=== Begin Enclosure ===

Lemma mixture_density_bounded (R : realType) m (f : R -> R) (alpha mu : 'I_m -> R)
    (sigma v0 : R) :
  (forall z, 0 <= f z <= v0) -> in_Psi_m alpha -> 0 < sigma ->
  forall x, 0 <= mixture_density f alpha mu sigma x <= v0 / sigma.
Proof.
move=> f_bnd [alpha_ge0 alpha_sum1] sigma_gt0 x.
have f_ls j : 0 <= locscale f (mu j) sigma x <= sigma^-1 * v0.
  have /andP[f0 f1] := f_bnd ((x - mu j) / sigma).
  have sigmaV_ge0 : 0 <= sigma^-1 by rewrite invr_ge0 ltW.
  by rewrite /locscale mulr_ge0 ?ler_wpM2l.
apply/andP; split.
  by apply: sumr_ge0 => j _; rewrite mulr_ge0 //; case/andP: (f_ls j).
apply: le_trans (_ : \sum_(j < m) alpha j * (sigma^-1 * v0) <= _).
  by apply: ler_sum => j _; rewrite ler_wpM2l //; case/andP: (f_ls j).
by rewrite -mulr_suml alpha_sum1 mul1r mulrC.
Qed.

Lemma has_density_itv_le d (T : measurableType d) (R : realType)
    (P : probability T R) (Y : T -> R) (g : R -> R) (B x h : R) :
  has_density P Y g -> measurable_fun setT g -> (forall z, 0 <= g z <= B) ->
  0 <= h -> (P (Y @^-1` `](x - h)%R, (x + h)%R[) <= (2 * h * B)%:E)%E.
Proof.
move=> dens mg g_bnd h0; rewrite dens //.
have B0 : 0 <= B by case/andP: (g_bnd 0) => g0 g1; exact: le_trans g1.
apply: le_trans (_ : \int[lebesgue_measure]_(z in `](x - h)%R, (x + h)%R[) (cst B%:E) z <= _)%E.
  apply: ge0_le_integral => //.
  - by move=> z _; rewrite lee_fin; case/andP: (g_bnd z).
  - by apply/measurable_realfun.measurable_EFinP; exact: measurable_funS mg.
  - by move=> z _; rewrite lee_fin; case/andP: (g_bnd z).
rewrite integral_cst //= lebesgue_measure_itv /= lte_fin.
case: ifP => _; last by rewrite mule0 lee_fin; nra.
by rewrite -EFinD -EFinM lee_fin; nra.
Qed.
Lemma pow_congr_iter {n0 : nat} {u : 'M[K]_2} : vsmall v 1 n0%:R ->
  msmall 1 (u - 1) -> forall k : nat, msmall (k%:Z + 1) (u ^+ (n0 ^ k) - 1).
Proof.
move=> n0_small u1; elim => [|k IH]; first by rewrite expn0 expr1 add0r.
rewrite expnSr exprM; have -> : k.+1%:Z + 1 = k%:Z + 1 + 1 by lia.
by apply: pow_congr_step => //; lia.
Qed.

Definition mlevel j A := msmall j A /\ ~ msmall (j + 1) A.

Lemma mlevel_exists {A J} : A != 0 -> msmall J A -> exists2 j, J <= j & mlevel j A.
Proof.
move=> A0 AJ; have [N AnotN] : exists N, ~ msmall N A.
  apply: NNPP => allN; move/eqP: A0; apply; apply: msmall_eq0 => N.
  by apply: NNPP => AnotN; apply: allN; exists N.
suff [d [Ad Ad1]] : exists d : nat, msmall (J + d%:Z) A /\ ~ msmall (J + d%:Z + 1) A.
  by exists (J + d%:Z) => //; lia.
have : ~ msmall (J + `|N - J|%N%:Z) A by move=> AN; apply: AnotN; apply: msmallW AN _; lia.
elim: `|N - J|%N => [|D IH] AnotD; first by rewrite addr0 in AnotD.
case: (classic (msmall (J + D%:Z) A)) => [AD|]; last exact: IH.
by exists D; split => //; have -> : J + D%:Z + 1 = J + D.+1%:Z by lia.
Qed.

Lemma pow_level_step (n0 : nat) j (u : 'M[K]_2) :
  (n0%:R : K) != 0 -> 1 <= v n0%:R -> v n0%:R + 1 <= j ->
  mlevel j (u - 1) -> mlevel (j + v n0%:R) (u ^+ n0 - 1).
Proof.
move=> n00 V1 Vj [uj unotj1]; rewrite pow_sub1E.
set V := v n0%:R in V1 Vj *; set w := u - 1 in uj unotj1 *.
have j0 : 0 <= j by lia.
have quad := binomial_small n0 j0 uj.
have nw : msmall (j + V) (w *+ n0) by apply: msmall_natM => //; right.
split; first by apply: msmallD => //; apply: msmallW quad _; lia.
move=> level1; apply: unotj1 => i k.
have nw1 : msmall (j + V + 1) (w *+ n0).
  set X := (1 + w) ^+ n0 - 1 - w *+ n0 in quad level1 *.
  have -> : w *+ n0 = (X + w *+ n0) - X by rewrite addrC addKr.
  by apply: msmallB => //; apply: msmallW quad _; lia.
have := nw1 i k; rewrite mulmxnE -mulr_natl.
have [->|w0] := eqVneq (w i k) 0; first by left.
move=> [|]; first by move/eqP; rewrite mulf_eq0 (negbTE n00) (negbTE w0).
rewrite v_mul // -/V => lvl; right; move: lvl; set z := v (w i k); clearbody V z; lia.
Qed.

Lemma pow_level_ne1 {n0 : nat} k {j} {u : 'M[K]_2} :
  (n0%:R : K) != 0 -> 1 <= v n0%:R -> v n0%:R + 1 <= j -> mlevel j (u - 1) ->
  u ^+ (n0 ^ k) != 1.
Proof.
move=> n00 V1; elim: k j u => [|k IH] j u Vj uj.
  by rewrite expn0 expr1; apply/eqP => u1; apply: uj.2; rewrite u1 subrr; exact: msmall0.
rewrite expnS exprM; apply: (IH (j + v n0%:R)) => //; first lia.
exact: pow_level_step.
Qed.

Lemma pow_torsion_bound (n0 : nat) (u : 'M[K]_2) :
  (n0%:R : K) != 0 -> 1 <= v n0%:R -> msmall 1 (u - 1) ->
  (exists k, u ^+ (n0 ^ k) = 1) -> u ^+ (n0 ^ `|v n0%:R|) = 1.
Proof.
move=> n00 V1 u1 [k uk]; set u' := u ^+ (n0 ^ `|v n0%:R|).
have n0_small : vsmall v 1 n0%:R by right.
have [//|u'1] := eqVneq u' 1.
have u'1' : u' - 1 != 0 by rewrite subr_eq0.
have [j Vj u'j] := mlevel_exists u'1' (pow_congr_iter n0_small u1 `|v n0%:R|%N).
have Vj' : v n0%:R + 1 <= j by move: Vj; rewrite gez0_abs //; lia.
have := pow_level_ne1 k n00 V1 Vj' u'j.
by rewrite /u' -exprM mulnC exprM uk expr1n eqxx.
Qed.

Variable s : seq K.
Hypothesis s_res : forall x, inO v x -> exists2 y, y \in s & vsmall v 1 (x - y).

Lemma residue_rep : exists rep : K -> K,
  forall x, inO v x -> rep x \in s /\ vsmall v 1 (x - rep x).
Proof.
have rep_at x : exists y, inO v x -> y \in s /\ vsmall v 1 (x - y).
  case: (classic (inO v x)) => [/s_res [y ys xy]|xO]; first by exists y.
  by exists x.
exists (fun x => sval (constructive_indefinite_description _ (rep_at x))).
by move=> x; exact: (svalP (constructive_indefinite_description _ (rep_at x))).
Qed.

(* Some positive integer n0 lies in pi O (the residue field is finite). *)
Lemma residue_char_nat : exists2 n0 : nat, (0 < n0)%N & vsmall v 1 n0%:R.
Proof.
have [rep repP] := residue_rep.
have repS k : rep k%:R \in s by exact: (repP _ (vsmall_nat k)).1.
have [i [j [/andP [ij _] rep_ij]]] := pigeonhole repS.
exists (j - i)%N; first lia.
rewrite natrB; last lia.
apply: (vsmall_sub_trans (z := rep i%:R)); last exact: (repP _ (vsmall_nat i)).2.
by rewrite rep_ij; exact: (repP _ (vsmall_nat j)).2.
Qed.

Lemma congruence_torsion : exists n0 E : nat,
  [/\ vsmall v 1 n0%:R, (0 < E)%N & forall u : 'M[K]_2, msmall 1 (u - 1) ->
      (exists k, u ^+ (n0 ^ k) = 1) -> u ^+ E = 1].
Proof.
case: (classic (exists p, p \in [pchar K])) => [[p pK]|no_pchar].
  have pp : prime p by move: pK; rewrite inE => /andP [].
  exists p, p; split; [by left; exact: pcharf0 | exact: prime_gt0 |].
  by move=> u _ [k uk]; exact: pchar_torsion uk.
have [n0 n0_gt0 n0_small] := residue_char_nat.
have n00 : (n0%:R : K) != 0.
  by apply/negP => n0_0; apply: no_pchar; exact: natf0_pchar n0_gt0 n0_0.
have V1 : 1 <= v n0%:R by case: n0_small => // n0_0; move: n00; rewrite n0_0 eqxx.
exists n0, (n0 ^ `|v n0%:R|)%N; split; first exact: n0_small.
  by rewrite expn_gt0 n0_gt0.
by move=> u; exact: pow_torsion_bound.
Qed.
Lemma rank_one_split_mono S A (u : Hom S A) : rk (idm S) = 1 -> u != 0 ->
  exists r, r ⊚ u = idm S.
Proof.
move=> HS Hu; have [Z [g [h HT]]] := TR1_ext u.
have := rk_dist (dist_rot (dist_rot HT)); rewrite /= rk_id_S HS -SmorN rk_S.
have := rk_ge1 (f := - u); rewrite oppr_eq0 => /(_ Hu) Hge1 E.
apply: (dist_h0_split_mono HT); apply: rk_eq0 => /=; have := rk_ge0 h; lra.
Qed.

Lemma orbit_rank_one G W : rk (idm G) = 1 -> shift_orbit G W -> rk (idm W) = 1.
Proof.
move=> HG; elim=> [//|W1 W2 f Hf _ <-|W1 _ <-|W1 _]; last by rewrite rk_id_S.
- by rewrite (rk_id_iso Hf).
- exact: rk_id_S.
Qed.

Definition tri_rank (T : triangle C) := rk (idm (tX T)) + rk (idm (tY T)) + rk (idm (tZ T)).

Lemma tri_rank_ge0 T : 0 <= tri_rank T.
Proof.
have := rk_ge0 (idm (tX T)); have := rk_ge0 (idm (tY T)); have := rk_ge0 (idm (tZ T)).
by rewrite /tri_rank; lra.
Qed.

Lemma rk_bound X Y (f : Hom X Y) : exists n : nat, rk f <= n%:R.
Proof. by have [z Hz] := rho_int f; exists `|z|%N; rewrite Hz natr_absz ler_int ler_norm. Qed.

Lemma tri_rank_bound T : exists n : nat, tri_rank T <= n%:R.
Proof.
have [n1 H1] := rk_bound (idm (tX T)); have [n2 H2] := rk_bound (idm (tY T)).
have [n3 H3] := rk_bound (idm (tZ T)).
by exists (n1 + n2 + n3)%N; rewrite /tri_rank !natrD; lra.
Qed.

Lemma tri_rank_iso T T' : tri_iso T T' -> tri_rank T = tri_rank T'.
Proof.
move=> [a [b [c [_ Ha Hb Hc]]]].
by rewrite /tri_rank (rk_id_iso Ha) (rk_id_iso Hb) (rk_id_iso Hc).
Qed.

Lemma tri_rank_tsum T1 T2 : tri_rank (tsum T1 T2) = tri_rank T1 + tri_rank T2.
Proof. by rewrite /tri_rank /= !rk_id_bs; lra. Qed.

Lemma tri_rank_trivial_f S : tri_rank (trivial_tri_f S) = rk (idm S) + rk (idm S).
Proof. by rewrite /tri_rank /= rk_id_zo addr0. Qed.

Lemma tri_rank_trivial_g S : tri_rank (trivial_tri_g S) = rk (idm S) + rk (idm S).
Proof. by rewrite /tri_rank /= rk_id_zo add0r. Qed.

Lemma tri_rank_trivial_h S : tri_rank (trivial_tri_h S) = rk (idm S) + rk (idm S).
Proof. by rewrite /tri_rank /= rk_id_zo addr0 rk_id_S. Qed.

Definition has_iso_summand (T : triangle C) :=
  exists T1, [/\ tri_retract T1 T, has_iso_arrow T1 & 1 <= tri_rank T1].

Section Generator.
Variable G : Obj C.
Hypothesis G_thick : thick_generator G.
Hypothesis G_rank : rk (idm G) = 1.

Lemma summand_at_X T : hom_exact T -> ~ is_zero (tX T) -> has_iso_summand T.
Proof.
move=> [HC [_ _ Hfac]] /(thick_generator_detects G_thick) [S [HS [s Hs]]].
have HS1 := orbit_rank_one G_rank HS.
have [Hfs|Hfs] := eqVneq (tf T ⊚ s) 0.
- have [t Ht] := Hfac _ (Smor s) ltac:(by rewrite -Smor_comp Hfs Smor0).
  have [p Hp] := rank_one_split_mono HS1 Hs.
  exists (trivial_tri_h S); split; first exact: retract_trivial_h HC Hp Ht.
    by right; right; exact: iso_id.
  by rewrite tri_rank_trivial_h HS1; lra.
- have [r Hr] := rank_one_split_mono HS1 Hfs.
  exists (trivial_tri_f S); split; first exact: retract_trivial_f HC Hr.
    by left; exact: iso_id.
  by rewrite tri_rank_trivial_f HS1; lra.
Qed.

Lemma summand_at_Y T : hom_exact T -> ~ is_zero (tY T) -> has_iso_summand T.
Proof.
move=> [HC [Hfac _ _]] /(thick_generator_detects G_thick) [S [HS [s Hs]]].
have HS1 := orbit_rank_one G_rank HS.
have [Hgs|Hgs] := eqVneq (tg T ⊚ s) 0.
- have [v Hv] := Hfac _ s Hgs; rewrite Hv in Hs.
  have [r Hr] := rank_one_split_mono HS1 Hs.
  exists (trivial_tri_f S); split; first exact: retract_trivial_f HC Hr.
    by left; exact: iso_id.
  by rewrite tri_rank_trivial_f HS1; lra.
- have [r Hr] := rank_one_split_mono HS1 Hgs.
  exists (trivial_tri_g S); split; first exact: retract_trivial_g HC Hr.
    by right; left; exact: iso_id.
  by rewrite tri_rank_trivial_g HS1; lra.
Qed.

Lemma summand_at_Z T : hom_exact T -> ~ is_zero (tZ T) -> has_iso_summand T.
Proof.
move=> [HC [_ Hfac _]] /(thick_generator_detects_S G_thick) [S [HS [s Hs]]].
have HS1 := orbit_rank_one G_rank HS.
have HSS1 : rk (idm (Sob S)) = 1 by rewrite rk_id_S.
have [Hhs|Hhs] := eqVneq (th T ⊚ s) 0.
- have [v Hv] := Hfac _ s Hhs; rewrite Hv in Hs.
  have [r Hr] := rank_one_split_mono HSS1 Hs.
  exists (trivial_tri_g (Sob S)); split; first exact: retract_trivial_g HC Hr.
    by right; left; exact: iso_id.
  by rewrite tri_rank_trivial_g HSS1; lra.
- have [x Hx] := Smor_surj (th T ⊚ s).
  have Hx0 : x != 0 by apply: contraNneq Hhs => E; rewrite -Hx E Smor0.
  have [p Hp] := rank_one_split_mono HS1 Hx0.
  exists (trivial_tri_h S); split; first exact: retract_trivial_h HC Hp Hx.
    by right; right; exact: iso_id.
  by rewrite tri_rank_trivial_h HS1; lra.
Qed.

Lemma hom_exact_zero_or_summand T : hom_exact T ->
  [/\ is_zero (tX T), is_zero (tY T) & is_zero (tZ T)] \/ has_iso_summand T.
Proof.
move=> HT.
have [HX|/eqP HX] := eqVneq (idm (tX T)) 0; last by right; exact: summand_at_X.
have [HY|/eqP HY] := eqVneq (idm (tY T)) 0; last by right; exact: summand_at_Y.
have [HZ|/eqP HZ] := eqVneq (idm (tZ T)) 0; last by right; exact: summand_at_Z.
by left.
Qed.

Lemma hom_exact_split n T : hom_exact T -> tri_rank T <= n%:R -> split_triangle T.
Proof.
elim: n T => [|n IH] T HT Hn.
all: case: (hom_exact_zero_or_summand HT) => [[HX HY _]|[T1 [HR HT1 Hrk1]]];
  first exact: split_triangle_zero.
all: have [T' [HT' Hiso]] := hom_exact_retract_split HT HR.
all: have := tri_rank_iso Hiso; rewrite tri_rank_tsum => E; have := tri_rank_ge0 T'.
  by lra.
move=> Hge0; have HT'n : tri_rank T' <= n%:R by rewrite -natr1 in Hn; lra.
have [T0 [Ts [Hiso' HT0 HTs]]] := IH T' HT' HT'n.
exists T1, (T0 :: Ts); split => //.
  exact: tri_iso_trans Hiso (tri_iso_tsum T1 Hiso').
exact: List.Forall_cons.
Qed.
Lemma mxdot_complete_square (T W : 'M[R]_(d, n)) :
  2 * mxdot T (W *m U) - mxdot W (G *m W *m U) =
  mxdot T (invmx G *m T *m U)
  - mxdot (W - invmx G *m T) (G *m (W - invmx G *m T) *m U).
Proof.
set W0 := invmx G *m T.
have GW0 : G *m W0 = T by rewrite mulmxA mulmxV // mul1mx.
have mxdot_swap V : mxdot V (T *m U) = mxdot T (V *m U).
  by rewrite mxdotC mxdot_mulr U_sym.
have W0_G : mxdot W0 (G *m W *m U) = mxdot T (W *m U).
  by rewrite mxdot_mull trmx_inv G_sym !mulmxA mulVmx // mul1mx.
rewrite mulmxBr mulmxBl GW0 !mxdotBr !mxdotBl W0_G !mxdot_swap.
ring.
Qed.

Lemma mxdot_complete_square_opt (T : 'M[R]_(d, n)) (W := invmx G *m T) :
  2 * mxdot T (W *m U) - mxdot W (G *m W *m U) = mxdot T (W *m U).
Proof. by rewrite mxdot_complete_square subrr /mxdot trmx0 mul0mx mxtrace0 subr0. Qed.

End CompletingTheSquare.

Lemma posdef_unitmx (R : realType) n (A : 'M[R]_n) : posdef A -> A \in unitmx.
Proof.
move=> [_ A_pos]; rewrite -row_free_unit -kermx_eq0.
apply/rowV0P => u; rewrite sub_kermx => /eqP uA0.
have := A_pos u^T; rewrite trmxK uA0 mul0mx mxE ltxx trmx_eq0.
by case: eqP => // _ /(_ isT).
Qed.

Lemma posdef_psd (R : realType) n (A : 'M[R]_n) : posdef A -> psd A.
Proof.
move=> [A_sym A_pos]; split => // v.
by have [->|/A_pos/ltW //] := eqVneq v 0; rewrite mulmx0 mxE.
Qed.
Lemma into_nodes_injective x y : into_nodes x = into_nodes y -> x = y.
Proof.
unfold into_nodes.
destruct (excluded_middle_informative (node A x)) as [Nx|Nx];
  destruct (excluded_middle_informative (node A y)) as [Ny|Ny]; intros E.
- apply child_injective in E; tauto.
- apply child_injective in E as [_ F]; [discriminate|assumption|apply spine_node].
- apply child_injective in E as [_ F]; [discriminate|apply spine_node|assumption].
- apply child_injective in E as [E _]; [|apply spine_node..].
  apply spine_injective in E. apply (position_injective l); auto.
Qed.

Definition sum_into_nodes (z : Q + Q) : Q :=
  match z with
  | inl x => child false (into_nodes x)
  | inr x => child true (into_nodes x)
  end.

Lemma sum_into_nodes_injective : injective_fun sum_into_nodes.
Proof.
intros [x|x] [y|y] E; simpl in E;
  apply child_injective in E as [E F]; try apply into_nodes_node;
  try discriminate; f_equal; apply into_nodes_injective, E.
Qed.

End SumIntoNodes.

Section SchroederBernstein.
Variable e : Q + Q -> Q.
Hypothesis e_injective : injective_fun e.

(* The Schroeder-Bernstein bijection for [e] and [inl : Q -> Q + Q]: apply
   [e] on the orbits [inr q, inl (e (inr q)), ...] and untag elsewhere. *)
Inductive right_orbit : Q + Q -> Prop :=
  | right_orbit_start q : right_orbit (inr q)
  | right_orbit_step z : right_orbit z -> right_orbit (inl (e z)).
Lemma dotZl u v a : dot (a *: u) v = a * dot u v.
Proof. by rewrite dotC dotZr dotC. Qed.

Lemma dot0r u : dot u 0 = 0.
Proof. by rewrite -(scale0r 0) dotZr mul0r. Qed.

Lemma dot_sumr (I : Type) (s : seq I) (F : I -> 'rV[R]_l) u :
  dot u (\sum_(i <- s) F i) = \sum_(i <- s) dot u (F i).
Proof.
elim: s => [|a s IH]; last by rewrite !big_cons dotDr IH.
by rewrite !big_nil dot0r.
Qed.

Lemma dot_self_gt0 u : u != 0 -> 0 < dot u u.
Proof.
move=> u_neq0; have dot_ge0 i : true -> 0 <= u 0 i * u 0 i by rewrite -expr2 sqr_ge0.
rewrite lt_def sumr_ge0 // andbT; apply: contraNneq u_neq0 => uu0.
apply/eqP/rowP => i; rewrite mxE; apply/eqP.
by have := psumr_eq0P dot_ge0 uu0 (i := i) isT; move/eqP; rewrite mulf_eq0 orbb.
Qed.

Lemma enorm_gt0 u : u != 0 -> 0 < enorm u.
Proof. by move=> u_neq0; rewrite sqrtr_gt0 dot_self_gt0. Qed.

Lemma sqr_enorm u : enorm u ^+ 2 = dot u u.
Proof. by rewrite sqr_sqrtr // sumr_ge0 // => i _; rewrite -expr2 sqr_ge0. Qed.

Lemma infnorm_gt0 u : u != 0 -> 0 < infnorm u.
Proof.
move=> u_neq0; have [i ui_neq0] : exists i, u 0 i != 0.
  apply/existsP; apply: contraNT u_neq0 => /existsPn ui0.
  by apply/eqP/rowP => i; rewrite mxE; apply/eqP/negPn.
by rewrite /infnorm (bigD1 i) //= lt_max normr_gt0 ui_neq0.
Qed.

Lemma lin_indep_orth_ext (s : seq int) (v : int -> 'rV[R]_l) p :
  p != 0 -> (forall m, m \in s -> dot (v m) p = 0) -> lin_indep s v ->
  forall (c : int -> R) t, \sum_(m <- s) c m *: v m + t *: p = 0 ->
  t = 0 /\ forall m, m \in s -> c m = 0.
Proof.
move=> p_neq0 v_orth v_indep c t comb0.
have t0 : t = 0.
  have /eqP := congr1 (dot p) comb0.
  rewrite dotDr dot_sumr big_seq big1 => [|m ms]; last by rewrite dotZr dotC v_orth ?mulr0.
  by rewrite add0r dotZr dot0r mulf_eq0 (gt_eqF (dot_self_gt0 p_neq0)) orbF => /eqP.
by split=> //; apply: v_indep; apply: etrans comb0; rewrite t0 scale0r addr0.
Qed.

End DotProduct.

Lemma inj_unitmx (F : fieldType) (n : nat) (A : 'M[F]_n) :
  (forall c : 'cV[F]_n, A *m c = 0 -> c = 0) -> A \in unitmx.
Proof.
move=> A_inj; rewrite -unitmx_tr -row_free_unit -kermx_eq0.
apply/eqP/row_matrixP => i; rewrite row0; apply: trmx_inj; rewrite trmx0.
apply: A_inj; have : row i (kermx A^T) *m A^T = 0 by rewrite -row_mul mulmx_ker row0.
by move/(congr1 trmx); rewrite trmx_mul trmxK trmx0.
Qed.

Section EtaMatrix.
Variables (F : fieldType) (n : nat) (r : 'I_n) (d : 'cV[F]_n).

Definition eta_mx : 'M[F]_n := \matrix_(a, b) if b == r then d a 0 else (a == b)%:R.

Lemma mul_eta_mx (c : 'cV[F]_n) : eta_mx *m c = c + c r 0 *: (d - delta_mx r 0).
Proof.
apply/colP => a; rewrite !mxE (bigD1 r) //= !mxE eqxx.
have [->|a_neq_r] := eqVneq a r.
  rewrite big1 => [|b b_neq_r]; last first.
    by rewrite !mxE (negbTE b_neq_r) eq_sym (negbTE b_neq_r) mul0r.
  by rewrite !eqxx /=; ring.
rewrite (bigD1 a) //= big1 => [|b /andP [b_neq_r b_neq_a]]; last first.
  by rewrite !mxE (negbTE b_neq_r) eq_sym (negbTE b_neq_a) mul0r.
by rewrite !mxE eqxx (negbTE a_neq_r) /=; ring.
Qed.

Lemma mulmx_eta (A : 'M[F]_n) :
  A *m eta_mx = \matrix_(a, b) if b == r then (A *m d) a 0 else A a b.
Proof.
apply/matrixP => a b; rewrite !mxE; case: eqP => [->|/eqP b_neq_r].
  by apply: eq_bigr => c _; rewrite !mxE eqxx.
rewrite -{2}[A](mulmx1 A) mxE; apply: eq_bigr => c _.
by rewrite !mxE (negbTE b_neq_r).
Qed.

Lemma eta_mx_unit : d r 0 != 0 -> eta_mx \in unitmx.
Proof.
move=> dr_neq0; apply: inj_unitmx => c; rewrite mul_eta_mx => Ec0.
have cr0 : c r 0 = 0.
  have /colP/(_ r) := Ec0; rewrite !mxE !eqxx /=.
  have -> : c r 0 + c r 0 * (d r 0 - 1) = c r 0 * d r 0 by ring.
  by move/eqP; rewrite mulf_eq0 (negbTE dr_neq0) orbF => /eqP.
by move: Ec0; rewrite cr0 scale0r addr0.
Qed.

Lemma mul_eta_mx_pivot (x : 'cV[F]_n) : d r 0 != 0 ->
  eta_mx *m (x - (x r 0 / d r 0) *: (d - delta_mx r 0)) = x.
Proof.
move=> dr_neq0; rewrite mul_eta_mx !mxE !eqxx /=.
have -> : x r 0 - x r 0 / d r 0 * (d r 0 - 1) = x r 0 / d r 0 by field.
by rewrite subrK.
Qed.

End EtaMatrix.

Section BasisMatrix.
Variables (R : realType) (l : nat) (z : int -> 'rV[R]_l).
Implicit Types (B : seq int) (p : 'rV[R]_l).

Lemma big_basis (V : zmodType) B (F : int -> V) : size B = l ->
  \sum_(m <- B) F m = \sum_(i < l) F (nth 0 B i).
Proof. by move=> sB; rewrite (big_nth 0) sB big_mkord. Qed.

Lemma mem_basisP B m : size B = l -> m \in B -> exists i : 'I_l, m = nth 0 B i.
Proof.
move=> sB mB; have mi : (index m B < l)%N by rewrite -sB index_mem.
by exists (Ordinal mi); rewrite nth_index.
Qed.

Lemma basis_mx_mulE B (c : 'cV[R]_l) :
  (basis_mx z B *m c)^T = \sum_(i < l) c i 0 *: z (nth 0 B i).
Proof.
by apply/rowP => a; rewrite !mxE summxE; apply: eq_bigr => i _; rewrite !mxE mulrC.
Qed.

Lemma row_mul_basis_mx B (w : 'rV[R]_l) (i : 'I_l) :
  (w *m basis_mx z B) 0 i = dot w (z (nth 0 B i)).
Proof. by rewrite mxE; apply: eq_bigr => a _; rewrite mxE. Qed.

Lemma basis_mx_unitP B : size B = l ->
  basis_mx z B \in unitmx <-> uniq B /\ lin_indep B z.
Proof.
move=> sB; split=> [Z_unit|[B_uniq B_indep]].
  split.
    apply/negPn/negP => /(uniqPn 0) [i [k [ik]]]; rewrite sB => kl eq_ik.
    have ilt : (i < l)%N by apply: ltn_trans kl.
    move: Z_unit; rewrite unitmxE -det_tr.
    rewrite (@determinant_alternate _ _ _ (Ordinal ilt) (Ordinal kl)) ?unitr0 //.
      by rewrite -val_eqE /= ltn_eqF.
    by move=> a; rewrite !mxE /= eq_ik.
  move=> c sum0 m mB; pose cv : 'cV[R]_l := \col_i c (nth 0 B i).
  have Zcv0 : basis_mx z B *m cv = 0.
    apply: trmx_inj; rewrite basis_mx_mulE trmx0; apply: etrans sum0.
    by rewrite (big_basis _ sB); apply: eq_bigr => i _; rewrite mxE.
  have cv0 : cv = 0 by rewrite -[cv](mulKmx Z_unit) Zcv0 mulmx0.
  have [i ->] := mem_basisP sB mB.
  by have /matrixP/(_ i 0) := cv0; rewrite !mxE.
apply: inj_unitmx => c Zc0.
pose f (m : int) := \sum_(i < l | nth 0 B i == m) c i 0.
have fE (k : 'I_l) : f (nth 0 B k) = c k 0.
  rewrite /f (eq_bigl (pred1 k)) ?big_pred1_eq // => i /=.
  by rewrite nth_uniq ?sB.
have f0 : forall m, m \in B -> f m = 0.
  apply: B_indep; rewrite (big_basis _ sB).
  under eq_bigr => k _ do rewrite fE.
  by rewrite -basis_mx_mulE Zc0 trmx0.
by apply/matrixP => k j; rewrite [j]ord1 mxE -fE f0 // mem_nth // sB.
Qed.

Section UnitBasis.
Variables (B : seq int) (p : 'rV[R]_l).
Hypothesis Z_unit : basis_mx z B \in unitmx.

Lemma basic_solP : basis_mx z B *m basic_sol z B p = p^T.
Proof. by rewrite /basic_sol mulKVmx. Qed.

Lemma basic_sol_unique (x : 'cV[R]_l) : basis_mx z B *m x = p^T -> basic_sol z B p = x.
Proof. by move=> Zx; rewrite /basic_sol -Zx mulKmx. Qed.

=== End Enclosure ===

- WHAT IS REQUIRED
Would you please repeat exactly the lines above, starting at the line with "dot u (\sum_(i" and stopping at the line with "rewrite dotDr dot_sumr", both included?

- REPLY
  dot u (\sum_(i <- s) F i) = \sum_(i <- s) dot u (F i).
Proof.
elim: s => [|a s IH]; last by rewrite !big_cons dotDr IH.
by rewrite !big_nil dot0r.
Qed.

Lemma dot_self_gt0 u : u != 0 -> 0 < dot u u.
Proof.
move=> u_neq0; have dot_ge0 i : true -> 0 <= u 0 i * u 0 i by rewrite -expr2 sqr_ge0.
rewrite lt_def sumr_ge0 // andbT; apply: contraNneq u_neq0 => uu0.
apply/eqP/rowP => i; rewrite mxE; apply/eqP.
by have := psumr_eq0P dot_ge0 uu0 (i := i) isT; move/eqP; rewrite mulf_eq0 orbb.
Qed.

Lemma enorm_gt0 u : u != 0 -> 0 < enorm u.
Proof. by move=> u_neq0; rewrite sqrtr_gt0 dot_self_gt0. Qed.

Lemma sqr_enorm u : enorm u ^+ 2 = dot u u.
Proof. by rewrite sqr_sqrtr // sumr_ge0 // => i _; rewrite -expr2 sqr_ge0. Qed.

Lemma infnorm_gt0 u : u != 0 -> 0 < infnorm u.
Proof.
move=> u_neq0; have [i ui_neq0] : exists i, u 0 i != 0.
  apply/existsP; apply: contraNT u_neq0 => /existsPn ui0.
  by apply/eqP/rowP => i; rewrite mxE; apply/eqP/negPn.
by rewrite /infnorm (bigD1 i) //= lt_max normr_gt0 ui_neq0.
Qed.

Lemma lin_indep_orth_ext (s : seq int) (v : int -> 'rV[R]_l) p :
  p != 0 -> (forall m, m \in s -> dot (v m) p = 0) -> lin_indep s v ->
  forall (c : int -> R) t, \sum_(m <- s) c m *: v m + t *: p = 0 ->
  t = 0 /\ forall m, m \in s -> c m = 0.
Proof.
move=> p_neq0 v_orth v_indep c t comb0.
have t0 : t = 0.
  have /eqP := congr1 (dot p) comb0.
  rewrite dotDr dot_sumr big_seq big1 => [|m ms]; last by rewrite dotZr dotC v_orth ?mulr0.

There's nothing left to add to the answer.